In the SmallRye Reactive Messaging – Handling blocking execution guide, we found that if we don’t need to process our messages in order, we actually can define the worker pool size that will consume Kafka messages. This was like magic for us! All we needed to do was to put these annotations in our Kafka Consumer:
@Incoming("extraction")
@Blocking(ordered = false, value = "extraction-pool")
public void process(Extraction extraction) {
  // process the extraction
}

Now, we can configure the worker pool size, that means how many threads are going to process our Kafka messages simultaneously, passing this parameter:

smallrye.messaging.worker.extraction-pool.max-concurrency=7

Each extraction demands calls to APIs that are provided by other financial institutions, sometimes this takes more time than the default amount of time defined by the Vert.x worker pool, that is 60 seconds. After 60 seconds, the application receives warnings informing us that our worker thread is blocked. It’s possible to configure this with this parameter:

# The maximum amount of time the worker thread can be blocked. Default 60S
quarkus.vertx.max-worker-execute-time=300S
We created the project POC Kakfa Quarkus, where you can simulate this feature of running simultaneous threads to process messages from a Kafka topic.

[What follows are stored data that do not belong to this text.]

Theorem entire_local_minimizer_pos al be M v : 0 < al -> 0 < be -> 0 < M ->
  entire_local_minimizer al be (fun x => M * x) v <-> is_oblique al be M v.
Proof.
  intros Hal Hbe HM. set (H := Hpar al be M). set (Y := Vpar al be M).
  assert (HH : 0 < H) by apply Hpar_pos.
  assert (HY : Y = M * H) by reflexivity.
  assert (HY0 : 0 < Y) by (rewrite HY; nra).
  assert (Hal_eq : al = 4 * be * Y ^ 3 / (3 * M)) by (apply al_eq_Vpar; lra).
  assert (Hob : forall tau x, shifted_stair H Y tau x = oblique al be M tau x)
    by (intros; symmetry; apply oblique_eq; lra).
  split.
  - intros Hmin. split; [exact (proj1 Hmin) |].
    destruct (stair_of_band M H Y HM HH HY v (proj1 Hmin)
                (minimizer_traces_in_band al be M Y Hbe HM HY0 Hal_eq v Hmin)
                (minimizer_jumps_of_size al be M Y Hbe HM HY0 Hal_eq v Hmin)) as [tau [Htau Hc]].
    exists tau. split; [exact Htau | exact (same_class_ext v _ _ (Hob tau) Hc)].
  - intros [Hv [tau [_ Hc]]].
    assert (Hc' : same_class v (shifted_stair H Y tau))
      by (apply (same_class_ext v (oblique al be M tau)); [intros; symmetry; apply Hob | exact Hc]).
    apply (minimizer_of_band al be M Y Hbe HM HY0 Hal_eq v Hv).
    + exact (traces_in_band_of_stair M H Y HM HH HY tau v Hc').
    + exact (jumps_of_size_of_stair M H Y HM HH HY tau v Hc').
Qed.

(** * The case M = 0 *)

Section ZeroSlope.

Variables al be : R.
Hypothesis al_pos : 0 < al.
Hypothesis be_pos : 0 < be.

Lemma two_jump_competitor a b e c0 c1 : 0 < e -> a + e < b - e ->
  exists u, is_step a b u /\ right_trace u a c0 /\ left_trace u b c1 /\
            energy al be 0 u a b <= 2 * al + be * (c0 ^ 2 + c1 ^ 2) * e.
Proof.
  intros He Hab.
  set (u := fun x => if Rlt_dec x (a + e) then c0 else if Rlt_dec x (b - e) then 0 else c1).
  assert (U1 : const_on u a (a + e) c0) by (intros x Hx; unfold u; destruct (Rlt_dec x (a + e)); [reflexivity | lra]).
  assert (U2 : const_on u (a + e) (b - e) 0).
  { intros x Hx; unfold u. destruct (Rlt_dec x (a + e)); [lra |]. destruct (Rlt_dec x (b - e)); [reflexivity | lra]. }
  assert (U3 : const_on u (b - e) b c1).
  { intros x Hx; unfold u. destruct (Rlt_dec x (a + e)); [lra |]. destruct (Rlt_dec x (b - e)); [lra | reflexivity]. }
  assert (S23 : is_step (a + e) b u) by (apply (is_step_glue _ (b - e)); [lra | exact (is_step_const _ _ _ _ U2) | exact (is_step_const _ _ _ _ U3)]).
  assert (S : is_step a b u) by (apply (is_step_glue _ (a + e)); [lra | exact (is_step_const _ _ _ _ U1) | exact S23]).
  exists u. split; [exact S |].
  split; [apply (right_trace_of_const u a (a + e)); [exact U1 | lra] |].
  split; [apply (left_trace_of_const u (b - e) b); [exact U3 | lra] |].
  rewrite (energy_split al be 0 u a (a + e) b c0 0 ltac:(lra) S) by
    (first [apply (left_trace_of_const u a (a + e)) | apply (right_trace_of_const u (a + e) (b - e))]; auto; lra).
  rewrite (energy_split al be 0 u (a + e) (b - e) b 0 c1 ltac:(lra) S23) by
    (first [apply (left_trace_of_const u (a + e) (b - e)) | apply (right_trace_of_const u (b - e) b)]; auto; lra).
  rewrite (energy_const _ _ _ u a (a + e) c0), (energy_const _ _ _ u (a + e) (b - e) 0),
          (energy_const _ _ _ u (b - e) b c1) by (auto; lra).
  assert (forall c c', INR (jump_ind c c') <= 1) by (intros; unfold jump_ind; destruct (Req_EM_T c c'); simpl; lra).
  pose proof (H c0 0). pose proof (H 0 c1). unfold bulk_const.
  replace (a + e - a) with e by ring. replace (b - (b - e)) with e by ring. nra.
Qed.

Multiple persistence units with Hibernate ORM

This feature was very important to our project. The Open Banking Integrator has some business data stored in an Oracle database. To improve the speed of processing, there is some information that we need to obtain directly from this database. As our application has a DB2 database, the Hibernate ORM Multiple Persistence units feature was very helpful. More information is available on the Hibernate Quarkus Guide.

Fault tolerance Retry

The APIs we execute can return errors saying that the system is temporarily unavailable. In this situation, we need to wait some time and try again.

This is very simple when using the @Retry annotation:

@Retry(retryOn = { ExceptionOfTheApiThatWeMustTryAgain.class }, maxRetries = 3, delay = 1000)
public void callExternalEndpoint() {
  //
}

We can configure the maxRetries and the delay between the retries with these properties:

Retry/maxRetries=${APP_MAX_RETRY:3}
Retry/delay=${APP_DELAY_MS_RETRY:1000}

The MicroProfile Fault Tolerance specification guide explains that we can configure these values individually (class or method) or globally.

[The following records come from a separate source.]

(* Let $D=((a_n),(b_n))$ be an almost periodic divisor with a regular indexing. Then for every sequence $(h_k)\subset\mathbb{C}$ there exist a subsequence $(h'_k)$, a divisor $\widetilde D=((\tilde a_n),(\tilde b_n))$ which is almost periodic with a regular indexing, and bijections $\tilde\sigma(k,\cdot):\mathbb{N}\to\mathbb{N}$ such that $$\sup_n|a_{\tilde\sigma(k,n)}+h'_k-\tilde a_n|\to0,\qquad \sup_n|b_{\tilde\sigma(k,n)}+h'_k-\tilde b_n|\to0\qquad (k\to\infty).$$
   Context: A divisor $D=((a_n)_{n\in\mathbb{N}},(b_n)_{n\in\mathbb{N}})$ consists of two sequences in $\mathbb{C}$ without finite accumulation points. It is almost periodic with a regular indexing if for every $\varepsilon>0$ there is $L$ such that every disc of radius $L$ contains a point $\tau$ for which some bijection $\sigma:\mathbb{N}\to\mathbb{N}$ satisfies $|a_n+\tau-a_{\sigma(n)}|<\varepsilon$ and $|b_n+\tau-b_{\sigma(n)}|<\varepsilon$ for all $n$. *)

From Stdlib Require Import Reals.
Open Scope R_scope.

Definition Cpx : Type := (R * R)%type.
Definition Cadd (z w : Cpx) : Cpx := (fst z + fst w, snd z + snd w).
Definition Csub (z w : Cpx) : Cpx := (fst z - fst w, snd z - snd w).
Definition Cmod (z : Cpx) : R := sqrt (fst z * fst z + snd z * snd z).

Definition bijN (s : nat -> nat) : Prop :=
  exists g : nat -> nat, (forall n, g (s n) = n) /\ (forall n, s (g n) = n).

(* a sequence without finite accumulation points (counting multiplicity):
   every disc contains only finitely many terms, i.e. |a_n| -> infinity *)
Definition no_finite_accum (a : nat -> Cpx) : Prop :=
  forall M : R, exists N : nat, forall n : nat, (N <= n)%nat -> M < Cmod (a n).

Definition divisor (a b : nat -> Cpx) : Prop :=
  no_finite_accum a /\ no_finite_accum b.

Definition ap_regular (a b : nat -> Cpx) : Prop :=
  forall eps : R, 0 < eps ->
    exists L : R, 0 < L /\
      forall c : Cpx, exists tau : Cpx, Cmod (Csub tau c) < L /\
        exists sigma : nat -> nat, bijN sigma /\
          forall n : nat,
            Cmod (Csub (Cadd (a n) tau) (a (sigma n))) < eps /\
            Cmod (Csub (Cadd (b n) tau) (b (sigma n))) < eps.

Definition strictly_increasing (phi : nat -> nat) : Prop :=
  forall i j : nat, (i < j)%nat -> (phi i < phi j)%nat.

From Stdlib Require Import Reals Lra Lia Psatz ClassicalEpsilon FunctionalExtensionality.
Open Scope R_scope.

(* Compactness of the family of translates of an almost periodic divisor.

   Write D + c for the divisor D = (a, b) translated by c, and call (a', b')
   e-close to (a, b) when a bijection of the indices matches them termwise up
   to e.  The theorem is a Bolzano-Weierstrass statement for this pseudometric:
   1. almost periodicity makes every translate D + c e-close to a translate
      D + r with |r| < L(e) (translate_close_bounded);
   2. an infinite pigeonhole principle in C (pigeonhole_complex) then gives,
      inside any infinite set of indices k, an infinite subset on which all
      D + h_k are e-close to one translate D + p (refine_translates);
   3. a diagonal extraction (diagonal_extraction) yields a subsequence phi and
      centres p_m with D + h_(phi k) (1/2)^m-close to D + p_m for k >= m;
   4. the pseudometric is complete (close_complete), so the Cauchy sequence
      D + p_m has a limit divisor D~;
   5. D~ is a divisor (divisor_close), and it is almost periodic with a
      regular indexing because this property is translation invariant and
      closed under limits (ap_regular_translate, ap_regular_limit). *)

Ltac cpx_ring := apply injective_projections; unfold Cadd, Csub; simpl; ring.

Lemma Cmod_nonneg (z : Cpx) : 0 <= Cmod z.
Proof. apply sqrt_pos. Qed.

Lemma Cmod_sqr (z : Cpx) : Cmod z * Cmod z = fst z * fst z + snd z * snd z.
Proof. apply sqrt_sqrt; nra. Qed.

Lemma dot_le_Cmod_mul (z w : Cpx) : fst z * fst w + snd z * snd w <= Cmod z * Cmod w.
Proof.
  apply Rle_trans with (Rabs (fst z * fst w + snd z * snd w)); [apply Rle_abs|].
  rewrite <- (Rabs_right (Cmod z * Cmod w))
    by (apply Rle_ge, Rmult_le_pos; apply Cmod_nonneg).
  apply Rsqr_le_abs_0; unfold Rsqr.
  replace (Cmod z * Cmod w * (Cmod z * Cmod w))
    with ((Cmod z * Cmod z) * (Cmod w * Cmod w)) by ring.
  rewrite !Cmod_sqr.
  pose proof (pow2_ge_0 (fst z * snd w - snd z * fst w)); nra.
Qed.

This configuration is very useful because we don’t want the retries to take too much time in our tests, so it is possible to set values specifically for the tests:

%test.Retry/maxRetries=${APP_MAX_RETRY:3}
%test.Retry/delay=${APP_DELAY_MS_RETRY:1}

Synchronizing access with fault tolerance Bulkhead

Our scheduler microservice can’t run the schedule in parallel.

We deploy it on Kubernetes with the strategy type Recreate, meaning that all pods are terminated before a new one is created. This guarantees that only one pod at a time will be executed. So how do we avoid multiple threads from the same instance executing the same method at the same time?

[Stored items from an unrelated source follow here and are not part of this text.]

(* Let $R\subseteq\{0,1\}^V$ be a delta matroid that is not basically binary, but such that every pinning $R_p$ with $\mathrm{dom}(p)\ne\emptyset$ is basically binary. Then there is $h:V\to\mathbb Z$ such that the $h$-maximisation $R_{h\text{-}\max}$ is equivalent (by renaming variables) to a flip $\mathrm{PM}_3^U$ of $\mathrm{PM}_3=\{(0,0,1),(0,1,0),(1,0,0)\}$ for some $U\subseteq\{1,2,3\}$.
   Context: $R$ is a delta matroid if for all $x,y\in R$ and all $i$ with $x_i\ne y_i$ there exists $j$ with $x_j\ne y_j$ (possibly $j=i$) such that $x^{\{i,j\}}\in R$, where $x^U$ is $x$ with coordinates in $U$ flipped. A relation is basically binary if it is equivalent (up to renaming variables) to a Cartesian product of relations of arity at most two. A partial configuration $p$ is an element of $\{0,1\}^{\mathrm{dom}(p)}$ with $\mathrm{dom}(p)\subseteq V$, and $R_p=\{x\in\{0,1\}^{V\setminus\mathrm{dom}(p)}:(x,p)\in R\}$. For $h:V\to\mathbb Z$, $R_{h\text{-}\max}=\{x\in R:\sum_i h_ix_i=\max_{y\in R}\sum_ih_iy_i\}$. The flip of a relation $S$ is $S^U=\{x: x^U\in S\}$. *)

From HB Require Import structures.
From mathcomp Require Import all_boot all_order all_algebra.
Set Implicit Arguments. Unset Strict Implicit. Unset Printing Implicit Defensive.
Import Order.TTheory GRing.Theory Num.Theory.

(* A Boolean relation on the (finite) variable set V: a subset of {0,1}^V,
   with 0/1 encoded as false/true. *)
Notation relation V := {set {ffun V -> bool}}.

Definition flipc (V : finType) (x : {ffun V -> bool}) (U : {set V}) : {ffun V -> bool} :=
  [ffun v => x v (+) (v \in U)].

The answer is to use the Bulkhead fault tolerance annotation:

// maximum 1 concurrent requests allowed, maximum 1 requests allowed in the waiting queue
@Bulkhead(value = 1, waitingTaskQueue = 1)
public void processSchedule() {
  //
}

When a request cannot be added to the waiting queue, a BulkheadException will be thrown.

Final words about Quarkus

Our organization has hundreds of Java programmers, but one problem that we see is the difficulty to hire people who already have experience with Quarkus. We though believe that a person who has experience with other Java frameworks can easily learn Quarkus - especially since Quarkus relies on existing and proven technologies (JAX-RS, CDI, Hibernate ORM, Eclipse MicroProfile…​) - and, with time, we will have more professionals mastering it.

In the team experience, Quarkus helps us to build reliable applications with all the resources needed to run a modern application on a cloud environment.

The development experience is awesome and very often new versions are published creating new features making Quarkus even better.